Since every commit is tracked, we can also filter by author to audit recent changes:

my_author_commit_history = client.get_commits(my_branch, filter_by_author_name=full_name, limit=5)

Inspecting Failed Runs

All runs are transactional by default: i.e. a pipeline run either succeeded and it’s on the branch, or failed and the branch is untouched. In practice, a temporary branch is created from the current branch and all the intermediate artifacts are materialized there. In other words, not only main, but our development branch itself is untouched by this failed run - which we can easily check with our APIs:

failed_run = client.run(..., ref=my_branch, parameters={'something_that_fails_the_DAG': ...})

# This confirms the current branch still reflects the last successful run
assert client.query(run_id_query, ref=my_branch_name).to_pylist() == [{'run_id': 2}]
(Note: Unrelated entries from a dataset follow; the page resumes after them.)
Lemma reduced_rcons_descent w u a : 0 < a < n -> descent w a ->
  reduced (w * sref n a)%g u -> reduced w (rcons u a).
Proof.
move=> ha hd [hu hw hs]; split; first by rewrite all_rcons ha.
  by rewrite permOf_rcons hw mulg_srefK.
by rewrite size_rcons hs (ninv_descent ha hd).
Qed.

Lemma reduced_rcons_ascent w u a : 0 < a < n -> ~~ descent w a ->
  reduced w u -> reduced (w * sref n a)%g (rcons u a).
Proof.
move=> ha hd [hu hw hs]; split; first by rewrite all_rcons ha.
  by rewrite permOf_rcons hw.
by rewrite size_rcons hs (ninv_ascent ha hd).
Qed.

Definition position w j : nat := (w^-1)%g (inord j).

Lemma position_le w j : position w j <= m.
Proof. by rewrite -ltnS ltn_ord. Qed.

Lemma position_pred_neq w j : 0 < j <= m -> position w j.-1 != position w j.
Proof.
move=> hj; apply/negP => /eqP/ord_inj/perm_inj/(congr1 val) /=; rewrite !inordK; lia.
Qed.

Lemma eq_position w w' : (forall j, j <= m -> position w j = position w' j) -> w = w'.
Proof.
move=> h; apply: invg_inj; apply/permP => x; apply: ord_inj.
by have := h x (ltnSE (ltn_ord x)); rewrite /position inord_val.
Qed.

(* Without descents the position map is increasing, with only descents it is
   decreasing; either way it is determined. *)
Lemma no_descent_eq1 w : (forall a, 0 < a < n -> ~~ descent w a) -> w = 1%g.
Proof.
have pos_id w0 : (forall a, 0 < a < n -> ~~ descent w0 a) -> forall j, j <= m -> position w0 j = j.
  move=> h0; apply: bounded_incr_id => [j _|k hk]; first exact: position_le.
  have := h0 k (ltac:(lia)); rewrite /descent -leqNgt -/(position w0 k.-1) -/(position w0 k) => hle.
  by rewrite ltn_neqAle position_pred_neq // hle //; lia.
move=> h; apply: eq_position => j hj; rewrite !pos_id // => a ha.
by rewrite /descent invg1 !perm1 !inordK; lia.
Qed.

Lemma all_descent_uniq w w' : (forall a, 0 < a < n -> descent w a) ->
  (forall a, 0 < a < n -> descent w' a) -> w = w'.
Proof.
have pos_rev w0 : (forall a, 0 < a < n -> descent w0 a) ->
    forall j, j <= m -> position w0 j = m - j.
  move=> h0 j hj; have hb := position_le w0.
  suff : m - position w0 j = j by have := hb j; lia.
  apply: (@bounded_incr_id m (fun k => m - position w0 k)) => // [k _|k hk]; first exact: leq_subr.
  have := h0 k (ltac:(lia)); rewrite /descent -/(position w0 k.-1) -/(position w0 k).
  by have := hb k; have := hb k.-1; lia.
by move=> h h'; apply: eq_position => j hj; rewrite (pos_rev w) // (pos_rev w').
Qed.

Lemma reduced_exists w : exists u, reduced w u.
Proof.
move: {2}(ninv w) (erefl (ninv w)) => k; elim: k w => [|k IH] w hk.
  have nd a : 0 < a < n -> ~~ descent w a.
    by move=> ha; apply/negP => /(ninv_descent ha); lia.
  by exists [::]; rewrite (no_descent_eq1 nd) /reduced /permOf big_nil ninv1.
have [/existsP[a /andP[a0 hd]]|hno] := boolP [exists a : 'I_n, (0 < a) && descent w a].
  have ha : 0 < a < n by rewrite a0 ltn_ord.
  have [u hu] := IH (w * sref n a)%g (ltac:(have := ninv_descent ha hd; lia)).
  by exists (rcons u a); apply: reduced_rcons_descent.
have nd a : 0 < a < n -> ~~ descent w a.
  move=> /andP[a0 an]; apply/negP => hd; move/existsP: hno; apply.
  by exists (Ordinal an); rewrite /= a0 hd.
by move: hk; rewrite (no_descent_eq1 nd) ninv1.
Qed.

(* A chosen reduced expression has minimal length, and [ninv] is a lower
   bound for the length of any expression; so the two agree. *)
Lemma redword_reduced w : reduced w (redword w).
Proof.
have [u [hu1 hu2 hu3]] := reduced_exists w.
have ex : exists u, is_redexpr w u.
  exists u; split=> [|u' [h1 h2]]; first by split.
  by rewrite hu3 -h2; exact: ninv_permOf_le.
have [[h1 h2] hmin] := epsilon_spec (inhabits [::]) _ ex.
split => //; have := hmin u (conj hu1 hu2); have := ninv_permOf_le h1.
by rewrite -/(redword w) h2 hu3; lia.
Qed.

Lemma coxlen_ninv w : coxlen w = ninv w.
Proof. by case: (redword_reduced w). Qed.

Lemma ninv_le_longest w : ninv w <= ninv (longest n).
Proof.
rewrite -!coxlen_ninv /longest.
by case: (@arg_maxnP _ 1%g xpredT (@coxlen n) isT) => L _; apply.
Qed.

Lemma ninv_longest_descent w : ninv w = ninv (longest n) -> forall a, 0 < a < n -> descent w a.
Proof.
move=> e a ha; apply/negPn/negP => hd.
by have := ninv_ascent ha hd; have := ninv_le_longest (w * sref n a)%g; lia.
Qed.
You can now inspect the failed run’s job metadata, logs, and any intermediate tables that were materialized

logs = client.get_job_logs(job_id)
for log_line in logs:
  print(f'[{log_line.stream.name}] {log_line.message}')

If you re-run the pipeline now with a new parameter (that does not trigger an error), you will get a new materialization in the development branch, while the old failed run stays available as part of your audit trail. Try it yourself!

Reverting: jumping back in time

Suppose that we now decide that the original version—the one tagged as “compliant”—is the one we want. We can revert the table to that state with a simple API:

revert_ref = client.revert_table(
    table=my_test_table_name,
    source_ref=target_tag,
    into_branch=my_branch_name,
    # this commit will be added to the standard body for clarity!
    commit_body=f'Revert to tag {my_compliance_dataset_tag}',
    replace=True
)

We confirm it worked by querying the table again, and checking we got the table from the first run back:

rows = client.query(run_id_query, ref=my_branch_name).to_pylist()
assert rows == [{'run_id': 1}]

Just like that, we’ve reverted to a known-good state!

Summary

With Bauplan, every data operation is:

  • Code-driven: you own the logic (and possibly your own code versioning tool, e.g. Git), and Bauplan stores pipeline code irrespective of its Git status (i.e. you can “forget” to commit to Git, but Bauplan still knows exactly what you do in a run).

  • Snapshot-tracked: Bauplan maintains the full lineage and history of all data changes in your lakehouse.

  • Auditable and reversible: you can inspect, trace, tag, and revert any change.

This “doubly versioned” approach brings the best of Git-like workflows to your data. And the best part? It all works out of the box.